• MATERIAL FOR THIS TASK:
********************

(* Let $p\in\mathbb{N}$ and let $a,b,\alpha,\beta$ be positive real numbers such that $\alpha+\beta t>1$ for all $t\in(0,\infty)$. Define \[ \Omega(t)=\frac{p^{b\beta t}e^{a\beta\gamma t}\,\Gamma(\alpha+\beta t)^a}{\Gamma_p(\alpha+\beta t)^b},\qquad t\in(0,\infty). \] Then $\Omega$ is increasing on $(0,\infty)$, and for every $t\in(0,1)$, \[ \frac{p^{-b\beta t}e^{-a\beta\gamma t}\,\Gamma(\alpha)^a}{\Gamma_p(\alpha)^b} <\frac{\Gamma(\alpha+\beta t)^a}{\Gamma_p(\alpha+\beta t)^b} <\frac{p^{b\beta(1-t)}e^{a\beta\gamma(1-t)}\,\Gamma(\alpha+\beta)^a}{\Gamma_p(\alpha+\beta)^b}. \]
   Context: $\Gamma$ is Euler's Gamma function and $\gamma$ is the Euler–Mascheroni constant. For $p\in\mathbb{N}$ and $t>0$, the $p$-Gamma function is $\Gamma_p(t)=\frac{p!\,p^t}{t(t+1)\cdots(t+p)}$. *)

From Stdlib Require Import Reals Factorial.
From Coquelicot Require Import Coquelicot.
Open Scope R_scope.

Definition Gamma (t : R) : R :=
  RInt_gen (fun x => Rpower x (t - 1) * exp (- x))
           (at_right 0) (Rbar_locally p_infty).

Definition euler_gamma : R :=
  real (Lim_seq (fun n => sum_f_R0 (fun k => / INR (S k)) n - ln (INR (S n)))).

Fixpoint rising_prod (t : R) (p : nat) : R :=
  match p with
  | O => t
  | S q => rising_prod t q * (t + INR (S q))
  end.

Definition Gamma_p (p : nat) (t : R) : R :=
  INR (Factorial.fact p) * Rpower (INR p) t / rising_prod t p.

Definition Omega (p : nat) (a b alpha beta : R) (t : R) : R :=
  Rpower (INR p) (b * beta * t) * exp (a * beta * euler_gamma * t)
  * Rpower (Gamma (alpha + beta * t)) a
  / Rpower (Gamma_p p (alpha + beta * t)) b.

(* Taking logarithms, [Omega t = exp (F (alpha + beta t) - c)] with
   [F x = a (ln Gamma x + gamma x) + b ln (x (x+1) ... (x+p))], and the two
   inequalities are [Omega 0 < Omega t < Omega 1] in disguise.  The second
   summand of [F] is increasing; so is [ln Gamma x + gamma x] for [x >= 1]:
   log-convexity of Gamma (Hölder's inequality for Euler's integral) together
   with [Gamma (x+1) = x Gamma x] gives
   [ln Gamma y - ln Gamma x >= (y - x) (ln (m+1) - H_(m+1))] for every [m],
   and the right-hand side tends to [-(y - x) gamma]. *)

From Stdlib Require Import Reals Lra Lia Factorial.
From Coquelicot Require Import Coquelicot.
Open Scope R_scope.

********************

• WHAT YOU ARE ASKED TO DO: Find how many lines contain "Omega" in the data. Write that number and nothing else.

• ANSWER FOR THIS EXERCISE: 4